Abstract

Amino acids are considered organic molecular indicators in the search for extant and extinct life in the Solar System. Extraction of these molecules from a particulate solid matrix, such as Martian regolith, will be critical to their in situ detection and analysis. The goals of this study were to optimize a laboratory amino acid extraction protocol by quantitatively measuring the yields of extracted amino acids as a function of liquid water temperature and sample extraction time and to compare the results to the standard HCl vapor‐phase hydrolysis yields for the same soil samples. Soil samples from the Yungay region of the Atacama Desert (Martian regolith analog) were collected during a field study in the summer of 2005. The amino acids (alanine, aspartic acid, glutamic acid, glycine, serine, and valine) chosen for analysis were present in the samples at concentrations of 1–70 parts‐per‐billion.

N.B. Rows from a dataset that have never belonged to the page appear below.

(* Let $\mathbf{k}$ be a field of characteristic $0$, $n\ge3$, $m\in\mathbf{k}\setminus\mathcal{S}_n$, and let $\rho$ be an irreducible representation of $Br_n(m)$, indexed by the partition $\lambda$. Then either the spectrum of $\rho(t_{12})$ is contained in $\{-1,1\}$, or $|\lambda|<n$ and the spectrum of $\rho(t_{12})$ equals $\{-1,1,1-m\}$.
   Context: $Br_n(m)$ is the Brauer algebra over $\mathbf{k}$ with basis the Brauer diagrams on $n$ top and $n$ bottom points, product by stacking (second factor below) with closed loops replaced by $m$; $s_{12}$ is the transposition diagram, $p_{12}$ the diagram joining top $1$ to top $2$ and bottom $1$ to bottom $2$ with other strands vertical, $t_{12}=s_{12}-p_{12}$. For a partition $\mu$ with $|\mu|\le n$, $n-|\mu|$ even, $P_\mu\in\mathbb{Q}[m]$ is the polynomial equal, at every sufficiently large integer $m$, to the dimension of the irreducible $O(m)$-module indexed by $\mu$; $\mathcal{S}_n=\{m\mid\exists\mu,\ |\mu|\le n,\ P_\mu(m)=0\}\subset\mathbb{Z}$. For $m\notin\mathcal{S}_n$, $Br_n(m)$ is split semisimple with irreducible representations indexed (Wenzl's parametrization) by partitions $\mu$ with $|\mu|\le n$, $n-|\mu|$ even; those with $|\mu|=n$ are those factoring through $\mathbf{k}\mathfrak{S}_n=Br_n(m)/(p_{12})$, and restriction from $Br_n(m)$ to $Br_{n-1}(m)$ follows the rule $\mathrm{Res}\,\rho_\lambda=\sum_{\mu\nearrow\lambda}\rho_\mu+\sum_{\lambda\nearrow\mu}\rho_\mu$, where $\mu\nearrow\lambda$ means $\lambda$ is obtained from $\mu$ by adding one box. *)

From HB Require Import structures.
From mathcomp Require Import all_boot all_order all_algebra.
Set Implicit Arguments. Unset Strict Implicit. Unset Printing Implicit Defensive.
Import Order.TTheory GRing.Theory Num.Theory.
Local Open Scope ring_scope.

(* Brauer diagrams.  The 2n points of a diagram on n top and n bottom  *)
(* points: [inl i] = top point i, [inr i] = bottom point i (0-indexed, *)
(* so "points 1,2" of the paper are the ordinals 0,1).  A diagram is a *)
(* fixed-point-free involution of the points (a perfect matching).     *)
Definition bpt (n : nat) := ('I_n + 'I_n)%type.
Definition bfun (n : nat) := {ffun bpt n -> bpt n}.

Definition is_brauer n (D : bfun n) : bool :=
  [forall x, (D x != x) && (D (D x) == x)].

(* Stacking D1 (top) over D2 (bottom): vertex set = top row of D1,     *)
(* middle row (bottom of D1 = top of D2), bottom row of D2.             *)
Definition bvtx (n : nat) := ('I_n + 'I_n + 'I_n)%type.
Definition up n (x : bpt n) : bvtx n :=
  match x with inl i => inl (inl i) | inr i => inl (inr i) end.
Definition down n (x : bpt n) : bvtx n :=
  match x with inl i => inl (inr i) | inr i => inr i end.
(* outer points of the stacked picture = points of the product diagram *)
Definition outer_of n (x : bpt n) : bvtx n :=
  match x with inl i => inl (inl i) | inr i => inr i end.
Definition is_outer n (v : bvtx n) : bool :=
  match v with inl (inr _) => false | _ => true end.

Definition stack_rel n (D1 D2 : bfun n) : rel (bvtx n) := fun u v =>
  [exists x, (u == up x) && (v == up (D1 x))] ||
  [exists x, (u == down x) && (v == down (D2 x))].

Definition bcomp n (D1 D2 : bfun n) : bfun n :=
  [ffun x => odflt x [pick y | (y != x) &&
      connect (stack_rel D1 D2) (outer_of x) (outer_of y)]].

(* number of closed loops created by the stacking *)
Definition bloops n (D1 D2 : bfun n) : nat :=
  n_comp (stack_rel D1 D2)
    [pred v | ~~ is_outer v &&
       [forall y : bpt n, ~~ connect (stack_rel D1 D2) v (outer_of y)]].

Definition bid n : bfun n :=
  [ffun x => match x with inl i => inr i | inr i => inl i end].

Definition sw01 n (i : 'I_n) : 'I_n :=
  if (val i < 2)%N then odflt i [pick j : 'I_n | val j == (1 - val i)%N] else i.

Definition s12 n : bfun n :=
  [ffun x => match x with inl i => inr (sw01 i) | inr i => inl (sw01 i) end].

Definition p12 n : bfun n :=
  [ffun x => match x with
     | inl i => if (val i < 2)%N then inl (sw01 i) else inr i
     | inr i => if (val i < 2)%N then inr (sw01 i) else inl i end].

(* Finite-dimensional representations of Br_n(m) on k^d (column        *)
(* vectors), given by their values on the diagram basis; the algebra   *)
(* map is the linear extension.                                        *)
Definition is_brauer_rep (k : fieldType) n (m : k) d
    (rho : bfun n -> 'M[k]_d) : Prop :=
  rho (bid n) = 1%:M /\
  forall D1 D2, is_brauer D1 -> is_brauer D2 ->
    rho D1 *m rho D2 = (m ^+ bloops D1 D2) *: rho (bcomp D1 D2).

(* irreducible: nonzero, and the only invariant subspaces of k^d are 0 *)
(* and k^d.  A subspace W of column vectors k^d is encoded as the row  *)
(* space of U (rows of U = vectors of W, transposed); invariance of W  *)
(* under v |-> rho(D) v reads  U *m (rho D)^T <= U.  W = 0 iff U = 0.   *)
Definition irreducible_brauer_rep (k : fieldType) n d
    (rho : bfun n -> 'M[k]_d) : Prop :=
  (0 < d)%N /\
  forall U : 'M[k]_d,
    (forall D, is_brauer D -> (U *m (rho D)^T <= U)%MS) ->
    U = 0 \/ (U == (1%:M : 'M[k]_d))%MS.

(* rho factors through k S_n = Br_n(m)/(p_12): it kills the ideal      *)
(* (p_12), spanned by the diagrams having a horizontal (top-top) edge. *)
Definition factors_through_Sn (k : fieldType) n d
    (rho : bfun n -> 'M[k]_d) : Prop :=
  forall D, is_brauer D ->
    [exists i : 'I_n, if D (inl i) is inl _ then true else false] ->
    rho D = 0.

Definition rho_t12 (k : fieldType) n d (rho : bfun n -> 'M[k]_d) : 'M[k]_d :=
  rho (s12 n) - rho (p12 n).

Definition is_partition (s : seq nat) : bool :=
  sorted geq s && all (fun x => 0 < x)%N s.

(* 1-indexed row length lambda_i and column length lambda'_j *)
Definition prow (s : seq nat) (i : nat) : int := (nth 0 s i.-1)%N%:Z.
Definition pcol (s : seq nat) (j : nat) : int := (count (fun x => j <= x)%N s)%:Z.

(* hook length of box (i,j) (1-indexed) *)
Definition phook (s : seq nat) (i j : nat) : int :=
  prow s i - j%:Z + pcol s j - i%:Z + 1.

(* content-type shift of the El Samra--King formula *)
Definition pshift (s : seq nat) (i j : nat) : int :=
  if (i <= j)%N then prow s i + prow s j - i%:Z - j%:Z
  else - pcol s i - pcol s j + i%:Z + j%:Z - 2.

(* P_mu: El Samra--King product formula for dim of the O(m)-irrep mu *)
Definition Pmu (s : seq nat) : {poly rat} :=
  \prod_(i < size s) \prod_(j < nth 0%N s i)
     (('X + ((pshift s i.+1 j.+1)%:~R : rat)%:P) *
        (((phook s i.+1 j.+1)%:~R : rat)^-1)%:P).

Definition in_Sn (n : nat) (z : int) : Prop :=
  exists mu : seq nat,
    [/\ is_partition mu, (sumn mu <= n)%N, ~~ odd (n - sumn mu)
      & (Pmu mu).[z%:~R] = 0].

From HB Require Import structures.
From mathcomp Require Import all_boot all_order all_algebra zify ring.
Import Order.TTheory GRing.Theory Num.Theory.
Set Implicit Arguments. Unset Strict Implicit. Unset Printing Implicit Defensive.

(* The theorem only uses the relations among s = s_12, p = p_12 and q = p_23:
   s^2 = 1, sp = ps = p, p^2 = mp, q^2 = mq, qsq = qpq = q and pqp = p.
   With t = s - p one has tp = (1 - m) p and ts = 1 - p, so every eigenvector
   of t lies either in the image of p (eigenvalue 1 - m) or in the kernel of p,
   where t = s has eigenvalues +-1.  If rho(p) = 0 we are in the first case.
   Otherwise rho(q) <> 0 as rho(p) = rho(pqp), and each of -1, 1, 1 - m is an
   eigenvalue: if t - a were invertible, the identities (t + 1)(s - 1) = 0,
   (t - 1)(m(s + 1) - 2p) = 0 and (t - 1 + m)p = 0 would give s = 1,
   m(s + 1) = 2p or p = 0, and sandwiching between q's yields
   (m - 1)q = 0, (m - 1)(m + 2)q = 0 or p = 0.  Since 1 and -2 lie in S_n,
   this is absurd.  Finally rho(p) <> 0 means rho does not factor through
   k S_n, and when m is 0 or 2 the value 1 - m is already +-1.
   The products of diagrams involved are computed by following the strands
   of the stacked pictures, their components being told apart by a labelling
   of the vertices that is constant along edges. *)

Section DiagramCodes.
Variable n : nat.
Local Notation N := n.+1.

(* A point of a diagram is coded as (is_top, column); a diagram is given by a
   function on codes. *)
Definition pt_of (p : bool * nat) : bpt N :=
  if p.1 then inl (inord p.2) else inr (inord p.2).

Definition code_of (x : bpt N) : bool * nat :=
  match x with inl i => (true, val i) | inr i => (false, val i) end.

Subcritical water extraction efficiency was examined over the temperature range of 30–325 °C, at pressures of 17.2 or 20.0 MPa, and for water‐sample contact equilibration times of 0–30 min. None of the amino acids were extracted in detectable amounts at 30 °C (at 17.2 MPa), suggesting that amino acids are too strongly bound by the soil matrix to be extracted at such a low temperature. Between 150 °C and 250 °C (at 17.2 MPa), the extraction efficiencies of glycine, alanine, and valine were observed to increase with increasing water temperature, consistent with higher solubility at higher temperatures, perhaps due to the decreasing dielectric constant of water. Amino acids were not detected in extracts collected at 325 °C (at 20.0 MPa), probably due to amino acid decomposition at this temperature. The optimal subcritical water extraction conditions for these amino acids from Atacama Desert soils were achieved at 200 °C, 17.2 MPa, and a water‐sample contact equilibration time of 10 min.